▸ **ABOUT THIS EXERCISE**:
Exactly the lines from the one with "rewrite inE => neyl." to the end of the data below should be set down, and no others.

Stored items
(* Let $q$ be a prime power and $\mathcal{L}$ a non-empty set of lines of $\mathrm{PG}(n,q)$ satisfying (Pt), (Pl), (Sd) and (To) (see context). Let $M$ be a subspace of $\mathrm{PG}(n,q)$ and $\ell\in\mathcal{L}\setminus\mathcal{L}_M$. Let $$\mathcal{S}=\{\ell^M\in\mathcal{L}_M : \mathcal{L}_{\langle \ell^M,\ell\rangle}\cap\mathcal{L}_M=\{\ell^M\}\text{ and }\ell^M\cap\ell=\emptyset\}.$$ If $\ell^M_1\in\mathcal{S}$, then $\mathcal{L}_{\langle \ell^M_1,\ell\rangle}$ contains at least $q$ lines not in $\bigcup_{\ell^M_2\in\mathcal{S}\setminus\{\ell^M_1\}}\mathcal{L}_{\langle \ell^M_2,\ell\rangle}$.
   Context: (Pt): every point of $\mathrm{PG}(n,q)$ lies on $0$ or $q+1$ lines of $\mathcal{L}$. (Pl): every plane contains $0$, $1$ or $q+1$ lines of $\mathcal{L}$. (Sd): every solid ($3$-dimensional subspace) contains $0$, $1$, $q+1$ or $2q+1$ lines of $\mathcal{L}$. (To): $|\mathcal{L}|\le q^5+q^4+q^3+q^2+q+1$. For a subspace $W$, $\mathcal{L}_W$ denotes the set of lines of $\mathcal{L}$ contained in $W$; $\langle X,Y\rangle$ denotes the subspace spanned by $X$ and $Y$. *)

(* PG(n,q) is modelled by the vector space 'rV[F]_(n.+1)
   over a finite field F with q = #|F| elements; subspaces of PG(n,q) are
   the subspaces {vspace 'rV[F]_n.+1} (projective dimension = \dim - 1):
   points have \dim 1, lines \dim 2, planes \dim 3, solids \dim 4. *)
From HB Require Import structures.
From mathcomp Require Import all_boot all_algebra.
Import VectorInternalTheory.

Set Implicit Arguments.
Unset Strict Implicit.
Unset Printing Implicit Defensive.

HB.instance Definition _ (F : finFieldType) (m : nat) :=
  [Countable of {vspace 'rV[F]_m} by <:].
HB.instance Definition _ (F : finFieldType) (m : nat) :=
  [Finite of {vspace 'rV[F]_m} by <:].

Notation PGsub F n := {vspace 'rV[F]_n.+1}.

Section PG.
Variables (F : finFieldType) (n : nat).
Local Notation q := #|F|.
Implicit Types (L : {set PGsub F n}) (W : PGsub F n).

Definition LinW L W : {set PGsub F n} := [set x in L | (x <= W)%VS].

Definition all_lines L := forall l, l \in L -> \dim l = 2.

Definition cond_Pt L := forall P : PGsub F n, \dim P = 1 ->
  #|[set l in L | (P <= l)%VS]| = 0 \/ #|[set l in L | (P <= l)%VS]| = q.+1.
Definition cond_Pl L := forall W : PGsub F n, \dim W = 3 ->
  #|LinW L W| \in [:: 0; 1; q.+1].
Definition cond_Sd L := forall W : PGsub F n, \dim W = 4 ->
  #|LinW L W| \in [:: 0; 1; q.+1; (2 * q).+1].
Definition cond_To L := #|L| <= q ^ 5 + q ^ 4 + q ^ 3 + q ^ 2 + q + 1.

Definition Sset L (M l : PGsub F n) : {set PGsub F n} :=
  [set lM in LinW L M |
     (LinW L (lM + l)%VS :&: LinW L M == [set lM]) && ((lM :&: l)%VS == 0%VS)].
End PG.

From HB Require Import structures.
From mathcomp Require Import all_boot all_algebra.
From mathcomp Require Import zify.

(* Put Σ := <l1, l>, a solid since l1 and l are skew.  A line of L in Σ that is
   skew to l spans Σ together with l, so it cannot lie in <l2, l> for another
   l2 of S (that would force l2 ∈ L_Σ ∩ L_M = {l1}); it therefore suffices to
   find q lines of L_Σ skew to l.  The lines of L_Σ other than l that meet l
   all lie in one plane through l: two distinct such planes carry q + 1 lines
   each by (Pl), sharing only l, and together with l1 would give 2q + 2 lines
   in Σ, against (Sd).  So at most q + 1 lines of L_Σ meet l, and if some line
   other than l does, |L_Σ| >= q + 2; with l1 skew to l, (Sd) then leaves at
   least q skew lines. *)

Set Implicit Arguments.
Unset Strict Implicit.
Unset Printing Implicit Defensive.

Section SubspaceDim.
Variables (K : fieldType) (vT : vectType K).
Implicit Types U V W : {vspace vT}.

Lemma eq_subv_dim U V : (U <= V)%VS -> \dim V <= \dim U -> U = V.
Proof. by move=> sUV leVU; apply/eqP; rewrite eqEdim sUV leVU. Qed.

Lemma dimv_cap_lt U V : \dim U = \dim V -> U != V -> \dim (U :&: V) < \dim U.
Proof.
move=> dUV neUV; rewrite ltn_neqAle dimvS ?capvSl // andbT.
apply: contra neUV => /eqP dcap.
have capU : (U :&: V)%VS = U by apply: eq_subv_dim; rewrite ?capvSl ?dcap.
apply/eqP; apply: eq_subv_dim; first by rewrite -capU capvSr.
by rewrite -dUV.
Qed.

Lemma dimv_add_meet U V :
  \dim U = 2 -> \dim V = 2 -> (U :&: V != 0)%VS -> U != V -> \dim (U + V) = 3.
Proof.
move=> dU dV meet neUV; have := dimv_sum_cap U V.
have := dimv_cap_lt (etrans dU (esym dV)) neUV.
by rewrite -dimv_eq0 in meet; rewrite dU dV; lia.
Qed.

Lemma eq_subv_cap_dim W W' U V : \dim W = \dim W' -> W != W' ->
  \dim W = (\dim U).+1 -> \dim V = \dim U ->
  (U <= W :&: W')%VS -> (V <= W :&: W')%VS -> U = V.
Proof.
move=> dWW' neWW' dWU dVU sU sV.
have ltcap := dimv_cap_lt dWW' neWW'; rewrite dWU ltnS in ltcap.
have capU : U = (W :&: W')%VS by apply: eq_subv_dim.
by rewrite capU; apply/esym/eq_subv_dim; rewrite // dVU -capU.
Qed.
End SubspaceDim.

Section LinesOfL.
Variables (F : finFieldType) (n : nat) (L : {set PGsub F n}).
Local Notation q := #|F|.
Implicit Types W : PGsub F n.

Lemma LinWS W W' : (W <= W')%VS -> LinW L W \subset LinW L W'.
Proof.
move=> sWW'; apply/subsetP => x; rewrite !inE => /andP [-> sxW].
exact: subv_trans sWW'.
Qed.

Lemma card_LinW_plane W x y : cond_Pl L -> \dim W = 3 ->
  x \in LinW L W -> y \in LinW L W -> x != y -> #|LinW L W| = q.+1.
Proof.
move=> Pl dW xW yW nexy.
have two : 2 <= #|LinW L W|.
  have : [set x; y] \subset LinW L W by rewrite subUset !sub1set xW yW.
  by move/subset_leq_card; rewrite cards2 nexy.
by move: (Pl W dW); rewrite !inE => /or3P [] /eqP dcard; rewrite dcard in two *.
Qed.

Section Solid.
Hypotheses (lines : all_lines L) (Pl : cond_Pl L) (Sd : cond_Sd L).
Variables l l1 : PGsub F n.
Hypotheses (lL : l \in L) (l1L : l1 \in L) (skew_l1 : (l1 :&: l)%VS = 0%VS).

Local Notation solid := (l1 + l)%VS.
Let skew_to_l := [set y : PGsub F n | (y :&: l == 0)%VS].
Let skew := LinW L solid :&: skew_to_l.
Let meeting := LinW L solid :\: skew_to_l.

Lemma dim_solid : \dim solid = 4.
Proof. by rewrite dimv_disjoint_sum // (lines l1L) (lines lL). Qed.

Lemma l1_in_solid : l1 \in LinW L solid.
Proof. by rewrite inE l1L addvSl. Qed.

Lemma skew_line_spans_solid y : y \in skew -> (y + l)%VS = solid.
Proof.
rewrite !inE => /andP [/andP [yL ysolid] /eqP skew_y].
apply: eq_subv_dim; first by rewrite subv_add ysolid addvSr.
by rewrite dim_solid dimv_disjoint_sum // (lines yL) (lines lL).
Qed.

Section PlaneThroughL.
Variable y : PGsub F n.
Hypotheses (y_meeting : y \in meeting) (neyl : y != l).

Lemma yL_meeting : y \in L.
Proof. by move: y_meeting; rewrite !inE => /andP [_ /andP []]. Qed.

Lemma dim_plane : \dim (y + l) = 3.
Proof.
move: y_meeting; rewrite !inE => /andP [meet _].
by rewrite dimv_add_meet ?(lines yL_meeting) ?(lines lL).
Qed.

Lemma plane_sub_solid : (y + l <= solid)%VS.
Proof.
by move: y_meeting; rewrite !inE => /andP [_ /andP [_ ys]]; rewrite subv_add ys addvSr.
Qed.

Lemma card_LinW_plane_l : #|LinW L (y + l)| = q.+1.
Proof.
apply: (card_LinW_plane (x := y) (y := l) Pl dim_plane) neyl;
  by rewrite inE ?yL_meeting ?lL ?addvSl ?addvSr.
Qed.

Lemma l1_notin_plane : l1 \notin LinW L (y + l).
Proof.
rewrite inE l1L /=; apply/negP => l1_plane.
have : \dim solid <= \dim (y + l) by apply: dimvS; rewrite subv_add l1_plane addvSr.
by rewrite dim_solid dim_plane.
Qed.
End PlaneThroughL.

Lemma meeting_lines_coplanar y y' : y \in meeting -> y != l ->
  y' \in meeting -> y' \in LinW L (y + l).
Proof.
move=> y_meeting neyl y'_meeting.
have [-> | ney'l] := eqVneq y' l; first by rewrite inE lL addvSr.
apply/contraT => y'_off.
have y'L := yL_meeting y'_meeting.
have neplanes : (y + l)%VS != (y' + l)%VS.
  by apply: contra y'_off => /eqP ->; rewrite inE y'L addvSl.
have common_l : #|LinW L (y + l) :&: LinW L (y' + l)| <= 1.
  rewrite -[X in _ <= X](cards1 l) subset_leq_card //; apply/subsetP => x.
  rewrite !inE => /andP [/andP [xL xP] /andP [_ xP']]; apply/eqP.
  apply: (eq_subv_cap_dim (U := x) (V := l) _ neplanes);
    rewrite ?subv_cap ?xP ?xP' ?addvSr ?(lines xL) ?(lines lL) ?dim_plane //.
have two_planes_and_l1 : l1 |: (LinW L (y + l) :|: LinW L (y' + l)) \subset LinW L solid.
  by rewrite subUset sub1set l1_in_solid subUset !LinWS ?plane_sub_solid.
have := subset_leq_card two_planes_and_l1.
rewrite cardsU1 in_setU negb_or (l1_notin_plane y_meeting neyl).
rewrite (l1_notin_plane y'_meeting ney'l) cardsU.
rewrite (card_LinW_plane_l y_meeting neyl) (card_LinW_plane_l y'_meeting ney'l).
rewrite andbT add1n.
move: common_l; set c := #|_ :&: _|.
by have := Sd dim_solid; rewrite !inE => /or4P [] /eqP ->; lia.
Qed.

Lemma q_le_card_skew : q <= #|skew|.
Proof.
have card_solid : #|LinW L solid| = #|skew| + #|meeting| by rewrite cardsID.
have skew_pos : 0 < #|skew|.
  by rewrite card_gt0; apply/set0Pn; exists l1; rewrite !inE l1L addvSl skew_l1 eqxx.
have meeting_pos : 0 < #|meeting|.
  rewrite card_gt0; apply/set0Pn; exists l.
  by rewrite !inE lL addvSr capvv -dimv_eq0 (lines lL).
have := Sd dim_solid; rewrite !inE card_solid => Sd_solid.
have [sub_l | /subsetPn [y y_meeting]] := boolP (meeting \subset [set l]).
  have := subset_leq_card sub_l; rewrite cards1 => meeting_le1.
  by case/or4P: Sd_solid => /eqP; lia.
rewrite inE => neyl.
have meeting_le : #|meeting| <= q.+1.
  rewrite -(card_LinW_plane_l y_meeting neyl) subset_leq_card //.
  by apply/subsetP => y'; apply: meeting_lines_coplanar.
have solid_ge : q.+2 <= #|LinW L solid|.
  have : l1 |: LinW L (y + l) \subset LinW L solid.
    by rewrite subUset sub1set l1_in_solid LinWS ?plane_sub_solid.
  move/subset_leq_card; rewrite cardsU1 (l1_notin_plane y_meeting neyl).
  by rewrite (card_LinW_plane_l y_meeting neyl).
rewrite card_solid in solid_ge.
by case/or4P: Sd_solid => /eqP; lia.
Qed.

Lemma skew_line_notin_span (M y l2 : PGsub F n) :
  LinW L solid :&: LinW L M = [set l1] ->
  y \in skew -> l2 \in LinW L M -> l2 != l1 -> y \notin LinW L (l2 + l).
Proof.
move=> solid_M y_skew l2M nel2; apply/negP; rewrite inE => /andP [_ yl2].
have l2L : l2 \in L by move: l2M; rewrite inE => /andP [].
have span_l2 : solid = (l2 + l)%VS.
  apply: eq_subv_dim; first by rewrite -(skew_line_spans_solid y_skew) subv_add yl2 addvSr.
  by have := dimv_sum_cap l2 l; rewrite dim_solid (lines l2L) (lines lL); lia.
have : l2 \in [set l1] by rewrite -solid_M inE l2M andbT span_l2 inE l2L addvSl.
by rewrite inE (negbTE nel2).
Qed.
End Solid.
End LinesOfL.

Theorem lemma6 (F : finFieldType) (n : nat) (L : {set PGsub F n})
    (M l l1 : PGsub F n) :
  all_lines L -> L != set0 ->
  cond_Pt L -> cond_Pl L -> cond_Sd L -> cond_To L ->
  l \in L -> l \notin LinW L M ->
  l1 \in Sset L M l ->
  #|F| <= #|[set x in LinW L (l1 + l)%VS |
              [forall l2 in Sset L M l :\ l1, x \notin LinW L (l2 + l)%VS]]|.
Proof.
move=> lines _ _ Pl Sd _ lL _.
rewrite inE => /andP [l1M /andP [/eqP solid_M /eqP skew_l1]].
have l1L : l1 \in L by move: l1M; rewrite inE => /andP [].
apply: leq_trans (q_le_card_skew lines Pl Sd lL l1L skew_l1) (subset_leq_card _).
apply/subsetP => y y_skew; rewrite inE (subsetP (subsetIl _ _) _ y_skew) /=.
apply/forall_inP => l2; rewrite in_setD1 => /andP [nel2].
rewrite inE => /andP [l2M _].
exact: (skew_line_notin_span lines lL l1L skew_l1 solid_M).
Qed.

▸ **RESULT FOR THIS TASK**:
rewrite inE => neyl.
have meeting_le : #|meeting| <= q.+1.
  rewrite -(card_LinW_plane_l y_meeting neyl) subset_leq_card //.
  by apply/subsetP => y'; apply: meeting_lines_coplanar.
have solid_ge : q.+2 <= #|LinW L solid|.
  have : l1 |: LinW L (y + l) \subset LinW L solid.
    by rewrite subUset sub1set l1_in_solid LinWS ?plane_sub_solid.
  move/subset_leq_card; rewrite cardsU1 (l1_notin_plane y_meeting neyl).
  by rewrite (card_LinW_plane_l y_meeting neyl).
rewrite card_solid in solid_ge.
by case/or4P: Sd_solid => /eqP; lia.
Qed.

Lemma skew_line_notin_span (M y l2 : PGsub F n) :
  LinW L solid :&: LinW L M = [set l1] ->
  y \in skew -> l2 \in LinW L M -> l2 != l1 -> y \notin LinW L (l2 + l).
Proof.
move=> solid_M y_skew l2M nel2; apply/negP; rewrite inE => /andP [_ yl2].
have l2L : l2 \in L by move: l2M; rewrite inE => /andP [].
have span_l2 : solid = (l2 + l)%VS.
  apply: eq_subv_dim; first by rewrite -(skew_line_spans_solid y_skew) subv_add yl2 addvSr.
  by have := dimv_sum_cap l2 l; rewrite dim_solid (lines l2L) (lines lL); lia.
have : l2 \in [set l1] by rewrite -solid_M inE l2M andbT span_l2 inE l2L addvSl.
by rewrite inE (negbTE nel2).
Qed.
End Solid.
End LinesOfL.

Theorem lemma6 (F : finFieldType) (n : nat) (L : {set PGsub F n})
    (M l l1 : PGsub F n) :
  all_lines L -> L != set0 ->
  cond_Pt L -> cond_Pl L -> cond_Sd L -> cond_To L ->
  l \in L -> l \notin LinW L M ->
  l1 \in Sset L M l ->
  #|F| <= #|[set x in LinW L (l1 + l)%VS |
              [forall l2 in Sset L M l :\ l1, x \notin LinW L (l2 + l)%VS]]|.
Proof.
move=> lines _ _ Pl Sd _ lL _.
rewrite inE => /andP [l1M /andP [/eqP solid_M /eqP skew_l1]].
have l1L : l1 \in L by move: l1M; rewrite inE => /andP [].
apply: leq_trans (q_le_card_skew lines Pl Sd lL l1L skew_l1) (subset_leq_card _).
apply/subsetP => y y_skew; rewrite inE (subsetP (subsetIl _ _) _ y_skew) /=.
apply/forall_inP => l2; rewrite in_setD1 => /andP [nel2].
rewrite inE => /andP [l2M _].
exact: (skew_line_notin_span lines lL l1L skew_l1 solid_M).
Qed.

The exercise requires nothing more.